Alternatively, adopting
approaches closer to bionics, the Barcelona
Tensegrity Tower was designed, modelled in 3D and created digitally at real
scale and to a height of 10 metres (figure 6), directed by Dennis Dollens and produced in the Digital Architecture Laboratory, ESARQ
(UIC), Barcelona, 2008. This project brings together tensegrity with biology,
thanks to the cellular nature of the tower’s design, its irregular struts, all
differing according to the branching, enveloping logic of phyllotaxis. Further,
the morphological exploration of skins and membranes illustrates at which point
tensegrity becomes organic and where variation can be bio-mimetically
incorporated into the digital design. The project drew on a range of
references, from Ernst Haeckel’s historical drawings of radiolaria to
Buckminster Fuller’s structures.
Finally, with the example of
works presented here (figures 4, 5 and 6), the manifesto “No models, no moulds!”
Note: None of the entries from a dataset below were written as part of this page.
(* With [q = r * t], Bernoulli and [p <= r * q] give [2 * p ^ r <= (p + q) ^ r];
   raising to the [t]-th power, [(p + q) ^ q >= 2 ^ t * p ^ q > p ^ q.+1]. *)
Lemma expnS_ltn_expD p r t :
  0 < p -> p <= r * (r * t) -> p < 2 ^ t -> p ^ (r * t).+1 < (p + r * t) ^ (r * t).
Proof.
move=> p_gt0 p_le p_lt; set q := r * t.
have double_le : 2 * p ^ r <= (p + q) ^ r.
  rewrite -(leq_pmul2l p_gt0); apply: leq_trans (bernoulli_expn p q r).
  by rewrite -/q in p_le; set a := p ^ r; nia.
have -> : (p + q) ^ q = ((p + q) ^ r) ^ t by rewrite -expnM.
apply: leq_trans (leq_expn2r t double_le); rewrite expnMn -expnM -/q expnS.
by rewrite ltn_pmul2r ?expn_gt0 ?p_gt0.
Qed.

Lemma exp2_geq_sq h : 17 <= h -> 2 ^ 8 * h.+2 ^ 2 <= 2 ^ h.
Proof.
move/subnK <-; elim: (h - 17) => [|k IHk] //.
rewrite addSn [2 ^ (_ + 17).+1]expnS; apply: leq_trans _ (leq_mul (leqnn 2) IHk); nia.
Qed.

(* With [Z := 2 ^ trunc_log 4 d], i.e. [Z * Z <= d < 4 * (Z * Z)], take
   [q := 8 * Z * t] with [t := 3 * (trunc_log 4 d).+2]: then [p < 2 ^ t] and
   [p <= (8 * Z) ^ 2 * t], while [t * q.*2 = 144 * Z * (trunc_log 4 d).+2 ^ 2 <= d]. *)
Lemma exists_good_exponent d : 4 ^ 17 <= d -> exists q,
  nth_prime d.+1 ^ q.+1 < (nth_prime d.+1 + q) ^ q /\ (nth_prime d.+1 ^ q.*2).+1 <= 2 ^ d.
Proof.
move=> d_ge; have d_gt0 : 0 < d by apply: leq_trans d_ge.
set h := trunc_log 4 d; set Z := 2 ^ h; set p := nth_prime d.+1.
have h_ge : 17 <= h by apply: trunc_log_max.
have ZZ_le : Z * Z <= d by rewrite -expnMn; apply: trunc_logP.
have d_lt : d < 4 * (Z * Z) by rewrite -expnMn -expnS; apply: trunc_log_ltn.
have h_lt : h.+1 <= Z by apply: ltn_expl.
have p_le : p <= 16 * d * h.+1 by apply: nth_prime_leq_log.
have sq_le : 2 ^ 8 * h.+2 ^ 2 <= Z by apply: exp2_geq_sq.
set t := 3 * h.+2.
have exp_t : 2 ^ t = 64 * (Z * Z * Z).
  by rewrite /Z -!expnD -[64]/(2 ^ 6) -expnD /t; congr (2 ^ _); lia.
have p_lt : p < 2 ^ t by rewrite exp_t; nia.
exists (8 * Z * t); split; first by apply: expnS_ltn_expD; rewrite ?nth_prime_gt0 //; nia.
have q2_gt0 : 0 < (8 * Z * t).*2 by rewrite double_gt0 !muln_gt0 expn_gt0.
apply: leq_trans (_ : (2 ^ t) ^ (8 * Z * t).*2 <= _); first by rewrite ltn_exp2r.
by rewrite -expnM leq_pexp2l //; nia.
Qed.

Lemma pi_d_primorial_large d : 4 ^ 17 <= d -> pi_d d (primorial d.+1) <= 2 * 4 ^ d.
Proof.
case/exists_good_exponent => q [pq_base exp_le].
apply: leq_trans (pi_d_primorial_leq pq_base) _.
by rewrite expnS -mulnA leq_mul2l -[4]/(2 * 2) expnMn leq_mul2l exp_le !orbT.
Qed.

Theorem lemma3p3 :
  exists C K : nat, 0 < C /\
    forall d : nat, 1 <= d -> pi_d d (primorial d.+1) <= K * C ^ d.
Proof.
pose K := \max_(i < 4 ^ 17) pi_d i (primorial i.+1).
exists 4, (2 + K); split=> // d _; rewrite mulnDl.
have [d_large|d_small] := leqP (4 ^ 17) d.
  by apply: leq_trans (pi_d_primorial_large d_large) (leq_addr _ _).
apply: leq_trans (_ : K <= _).
  exact: (@leq_bigmax _ (fun i : 'I_(4 ^ 17) => pi_d i (primorial i.+1)) (Ordinal d_small)).
by rewrite (leq_trans _ (leq_addl _ _)) // leq_pmulr ?expn_gt0.
Qed.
by the author of this article sets out to move beyond the limited use —weighed
down by our immediate past— accorded to digital technology and exploit the
giant’s step it represents over present-day production systems (see above the
Diagram of the Three Ages of Architecture, figure 1). Its coherent utilization
and its vast potential make it a challenge for the future, with the realization
that the principal of these digital technological possibilities is to
manufacture real parts, at a scale of 1:1, architecture in themselves, that require
“no models, no moulds”.
References
ESTÉVEZ, Alberto T., “Genetic
architectures”, in ESTÉVEZ, Alberto T., et al., Genetic architectures,
SITES Books / ESARQ-UIC, Santa Fe (USA) / Barcelona, 2003, pp. 4-17
(www.amazon.com).
ESTÉVEZ, Alberto T., “Biomorphic
architecture”, in ESTÉVEZ, Alberto T., et al., Genetic architectures
II: digital tools and organic forms, SITES Books / ESARQ-UIC, Santa Fe
(USA) / Barcelona, 2005, pp. 18-53 and pp. 54-80 (www.amazon.com).
ESTÉVEZ, Alberto T., “Arquitectura
biodigital”, in VV.AA., Memorias del
Congreso, SIGRADI / CUJAE, Havana (Cuba), 2008, pp. 484-487.
ESTÉVEZ, Alberto T., “Genetic Barcelona Project”, Metalocus,
no. 017, Madrid, Autumn 2005, pp. 162-165.
ESTÉVEZ, Alberto T., “The
genetic creation of bioluminescent plants for urban and domestic use”, Leonardo,
vol. 40, no. 1, The MIT Press, San Francisco-California /
Cambridge-Massachusetts (USA), February 2007, pp. 18 and 46.